→ Input material
(* There is a function $C(t,\epsilon)$ such that the following holds for every positive integer $t$ and every $\epsilon\in(0,1)$: let $G$ be a connected balanced bipartite graph with parts $X,Y$ each of order $n$, with $\delta(G)\geq 3C(t,\epsilon)$ and with no induced $S_{t,t}$. Then \[\Delta_X,\ \Delta_Y\geq \left(1-\frac{C(t,\epsilon)}{\delta(G)}\right)(1-10\epsilon)\,n.\]
   Context: For positive integers $a,b$, the biclaw $S_{a,b}$ is the graph with vertex set $\{x,x_1,\dots,x_a,y,y_1,\dots,y_b\}$ and edges $xy$, $xy_1,\dots,xy_b$, $yx_1,\dots,yx_a$; ''no induced $S_{t,t}$'' means no induced subgraph isomorphic to $S_{t,t}$. For a bipartite graph with parts $X,Y$, $\Delta_X=\max_{x\in X} d(x)$ and $\Delta_Y=\max_{y\in Y} d(y)$. $\delta(G)$ is the minimum degree. *)

From HB Require Import structures.
From mathcomp Require Import all_boot all_order all_algebra.
From mathcomp Require Import reals.
Set Implicit Arguments. Unset Strict Implicit. Unset Printing Implicit Defensive.

(* A simple graph on a finType T is a symmetric irreflexive relation e. *)

Definition deg (T : finType) (e : rel T) (v : T) : nat := #|[set u | e v u]|.

(* minimum degree delta(G); the identity #|T| is only used when T is empty *)
Definition mindeg (T : finType) (e : rel T) : nat :=
  \big[minn/#|T|]_(v : T) deg e v.

Definition maxdeg_in (T : finType) (e : rel T) (A : {set T}) : nat :=
  \max_(v in A) deg e v.

(* vertices of the biclaw S_{a,b}:
   inl None = x, inl (Some i) = x_i, inr None = y, inr (Some j) = y_j *)
Definition biclaw_vertex (a b : nat) : finType :=
  (option 'I_a + option 'I_b)%type.

Definition biclaw_adj0 (a b : nat) (u v : biclaw_vertex a b) : bool :=
  match u, v with
  | inl None, inr _ => true
  | inl (Some _), inr None => true
  | _, _ => false
  end.

(* symmetric closure: edges xy, x y_j, y x_i *)
Definition biclaw_adj (a b : nat) (u v : biclaw_vertex a b) : bool :=
  biclaw_adj0 u v || biclaw_adj0 v u.

Definition has_induced_biclaw (T : finType) (e : rel T) (a b : nat) : Prop :=
  exists f : biclaw_vertex a b -> T,
    injective f /\ forall u v, e (f u) (f v) = biclaw_adj u v.

From HB Require Import structures.
From mathcomp Require Import all_boot all_order all_algebra.
From mathcomp Require Import reals.
From mathcomp Require Import ring lra zify.
Import Order.TTheory GRing.Theory Num.Theory.

Set Implicit Arguments. Unset Strict Implicit. Unset Printing Implicit Defensive.

(* Let m be about 1/eps and K = t (2m)^t.  As G has no induced S_{t,t}, for
   every edge xy and every large set Q of neighbours of x, fewer than K
   neighbours of y miss a 1/m fraction of Q: otherwise t rounds of greedy
   choice, each keeping a 1/(2m) fraction of the candidates, produce t
   neighbours of y and t neighbours of x with no edge between them.

   Fix x0 of maximum degree in X and a neighbour y0.  The core consists of
   the neighbours of y0 that see almost all of N(x0) and the neighbours of x0
   that see almost all of N(y0); a vertex is rich if it has nearly
   (1 - 2/m) min(d(x0), d(y0)) neighbours in the core.  By the key lemma, a
   neighbour of the core has at most K non-rich neighbours, and a neighbour
   of a rich vertex has at most K neighbours outside N(core).  As
   delta >> K, the successive layers around N(core) shrink by a factor 4, so
   all but O(K n / delta) vertices lie in N(core), and by double counting all
   but O(K n / delta) of those are rich.  Finally a rich y in Y outside N(x0)
   has almost (1 - 2/m) min(d(x0), d(y0)) core neighbours, all in N(y0),
   while each of these has degree at most d(x0) and sees almost all of N(x0),
   hence has at most 1 + d(x0)/m neighbours outside N(x0).  Double counting
   leaves O(n/m + n/delta) such y, so d(x0) >= (1 - O(1/m) - O(K m/delta)) n. *)

Section Counting.
Variable T : finType.

Lemma card_set_sum (A : {set T}) (p : pred T) :
  #|[set a in A | p a]| = \sum_(a in A) p a.
Proof.
rewrite -sum1_card (eq_bigl (fun a => (a \in A) && p a)) => [|a]; last by rewrite inE.
by rewrite big_mkcondr; apply: eq_bigr => a _; case: (p a).
Qed.

Lemma double_count (r : rel T) (A B : {set T}) :
  \sum_(a in A) #|[set b in B | r a b]| = \sum_(b in B) #|[set a in A | r a b]|.
Proof.
under eq_bigr do rewrite card_set_sum.
by rewrite exchange_big; apply: eq_bigr => b _; rewrite card_set_sum.
Qed.

Lemma double_count_leq (r : rel T) (A B : {set T}) c k l :
  {in A, forall a, k <= c * #|[set b in B | r a b]|} ->
  {in B, forall b, c * #|[set a in A | r a b]| <= l} -> #|A| * k <= l * #|B|.
Proof.
move=> hA hB; rewrite -sum_nat_const mulnC -sum_nat_const.
apply: leq_trans (_ : \sum_(a in A) c * #|[set b in B | r a b]| <= _).
  exact: leq_sum.
by rewrite -big_distrr double_count big_distrr; apply: leq_sum.
Qed.

Lemma exists_gt_of_sum (A : {set T}) (c : T -> nat) k :
  #|A| * k < \sum_(a in A) c a -> exists2 a, a \in A & k < c a.
Proof.
move=> hsum; apply/exists_inP; apply: contraLR hsum => /exists_inP hA.
rewrite -leqNgt -sum_nat_const; apply: leq_sum => a aA.
by rewrite leqNgt; apply/negP => hk; apply: hA; exists a.
Qed.

Lemma card_setD_le_of_setD1 (A B C : {set T}) x k : C \subset B ->
  #|(A :\ x) :\: C| < k -> #|A :\: B| <= k.
Proof.
move=> sCB; apply: leq_trans; rewrite (cardsD1 x) addnC -addn1 leq_add ?leq_b1 //.
apply/subset_leq_card/subsetP => a; rewrite !in_setD !in_set1.
by case/and3P=> -> aB ->; rewrite (contraNN (subsetP sCB a) aB).
Qed.

Lemma card_le_cover_setI (N A B : {set T}) v :
  #|N| <= #|(A :&: B) :\ v| + #|N :\: A| + #|N :\: B| + 1.
Proof.
have sN : N \subset (A :&: B) :\ v :|: (N :\: A) :|: (N :\: B) :|: [set v].
  apply/subsetP => b bN; rewrite !in_setU !in_setD !in_setI !in_set1 bN !andbT.
  by case: (b == v); case: (b \in A); case: (b \in B).
rewrite -(cards1 v); apply: leq_trans (subset_leq_card sN) _.
apply: leq_trans (leq_card_setU _ _) _; rewrite leq_add2r.
apply: leq_trans (leq_card_setU _ _) _; rewrite leq_add2r.
exact: leq_card_setU.
Qed.

Lemma mindeg_le (e : rel T) v : mindeg e <= deg e v.
Proof.
rewrite /mindeg; have : v \in index_enum T by rewrite mem_index_enum.
elim: (index_enum T) => // a r IH; rewrite inE big_cons => /orP[/eqP <-|/IH h].
  exact: geq_minl.
by rewrite geq_min h orbT.
Qed.

End Counting.

(* In the next two lemmas, with the notation of [card_nbhd_core_sparse_lt],
   qu = |Nu|, na = |Nu :\: N(a)|, nt = |Nu :\: typical w u|, q = |Q|,
   r = |Q :\: N(p)|, c = core_deg p and nu = |N(u)|. *)
Lemma typical_overlap_arith m K t qu na nt q : 6 <= m -> 2 * m * t <= K ->
  m * na < qu -> nt < K -> qu <= q + na + nt + 1 -> 120 * m * (K + 2) <= qu + 1 ->
  2 * m * t <= q.
Proof. nia. Qed.

Lemma core_deg_arith m K qu na nt q r c nu : 6 <= m ->
  m * na < qu -> nt < K -> qu <= q + na + nt + 1 -> q <= qu ->
  m * r < q -> q <= c + r -> nu <= qu + 1 -> (m - 2) * nu <= m * (c + K + 2).
Proof. nia. Qed.

Lemma rich_core_deg_arith m K d s c : 6 <= m -> 120 * m * (K + 2) <= d -> d <= s ->
  (m - 2) * s <= m * (c + K + 2) -> K < c.
Proof.
move=> m_ge6 hd hs hc; rewrite ltnNge; apply/negP => cK.
have : (m - 2) * (120 * m * (K + 2)) <= m * (c + K + 2).
  by apply: leq_trans _ hc; apply: leq_mul => //; apply: leq_trans hs.
nia.
Qed.

Lemma six_K_arith m K d : 6 <= m -> 120 * m * (K + 2) <= d -> 6 * K <= d.
Proof. by move=> m_ge6; apply: leq_trans; nia. Qed.

Lemma rich_nonnbr_arith n a D d m K Y : 6 <= m -> 120 * m * (K + 2) <= d ->
  d <= minn a D -> a <= n -> D <= n ->
  Y * ((m - 2) * minn a D - m * (K + 2)) <= (m + D) * a ->
  m * d * Y <= 2 * n * d + 2 * m * n.
Proof.
move=> m_ge6 hd hs ha hD hY; set s := minn a D in hs hY.
have mK_le_s : 120 * (m * (K + 2)) <= s by rewrite mulnA; apply: leq_trans hs.
have half : m * s <= 2 * ((m - 2) * s - m * (K + 2)) by nia.
have sum_le : (m + D) * a <= m * n + n * s.
  rewrite mulnDl leq_add ?leq_mul2l ?ha ?orbT //; rewrite /s.
  case: (leqP a D) => _; first by rewrite leq_mul2r hD orbT.
  by rewrite mulnC leq_mul2r ha orbT.
have Yms : Y * (m * s) <= 2 * (m * n + n * s).
  apply: leq_trans (leq_mul (leqnn Y) half) _.
  by rewrite mulnCA leq_mul2l /= (leq_trans hY sum_le).
have s_gt0 : 0 < s.
  by apply: leq_trans hs; apply: leq_trans hd; rewrite !muln_gt0 addn2 andbT; lia.
rewrite -(leq_pmul2r s_gt0).
have := leq_mul Yms (leqnn d); have : m * n * d <= m * n * s by rewrite leq_mul2l hs orbT.
lia.
Qed.

Lemma nonnbr_arith n d m K Y Z1 Z2 r : 6 <= m -> 120 * m * (K + 2) <= d ->
  m * d * Y <= 2 * n * d + 2 * m * n -> 3 * Z1 * (d - K) <= 4 * K * (2 * n) ->
  Z2 * (d - K) <= K * (2 * n) -> r <= Y + Z1 + Z2 ->
  m * d * r <= 2 * n * d + m * n * (40 * m * (K + 2)).
Proof.
move=> m_ge6 hd hY hZ1 hZ2 hr.
have two_K : 2 * K <= d by apply: leq_trans hd; nia.
have [d' def_d] : exists d', d = d' + K by exists (d - K); lia.
have K_le_d' : K <= d' by lia.
subst d; rewrite addnK in hZ1 hZ2.
have hZ : 3 * (Z1 + Z2) * (d' + K) <= 28 * K * n.
  have := leq_mul (leqnn Z1) K_le_d'; have := leq_mul (leqnn Z2) K_le_d'; lia.
have := leq_mul (leqnn (m * (d' + K))) hr; have := leq_mul (leqnn m) hZ.
have : 2 + 10 * K <= 40 * m * (K + 2) by nia.
move/(leq_mul (leqnn (m * n))); lia.
Qed.

(** * Graphs without an induced biclaw *)

Section BiclawFree.
Variables (T : finType) (e : rel T) (X : {set T}).
Hypotheses (e_sym : symmetric e)
  (e_bip : forall u v, e u v -> (u \in X) != (v \in X)).

Definition nbhd v := [set u | e v u].
Definition nbhdS (U : {set T}) := [set v | [exists u in U, e v u]].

→ To do
Copy each line of the listing above that contains the word "parts".

→ Answer to this task
(* There is a function $C(t,\epsilon)$ such that the following holds for every positive integer $t$ and every $\epsilon\in(0,1)$: let $G$ be a connected balanced bipartite graph with parts $X,Y$ each of order $n$, with $\delta(G)\geq 3C(t,\epsilon)$ and with no induced $S_{t,t}$. Then \[\Delta_X,\ \Delta_Y\geq \left(1-\frac{C(t,\epsilon)}{\delta(G)}\right)(1-10\epsilon)\,n.\]
   Context: For positive integers $a,b$, the biclaw $S_{a,b}$ is the graph with vertex set $\{x,x_1,\dots,x_a,y,y_1,\dots,y_b\}$ and edges $xy$, $xy_1,\dots,xy_b$, $yx_1,\dots,yx_a$; ''no induced $S_{t,t}$'' means no induced subgraph isomorphic to $S_{t,t}$. For a bipartite graph with parts $X,Y$, $\Delta_X=\max_{x\in X} d(x)$ and $\Delta_Y=\max_{y\in Y} d(y)$. $\delta(G)$ is the minimum degree. *)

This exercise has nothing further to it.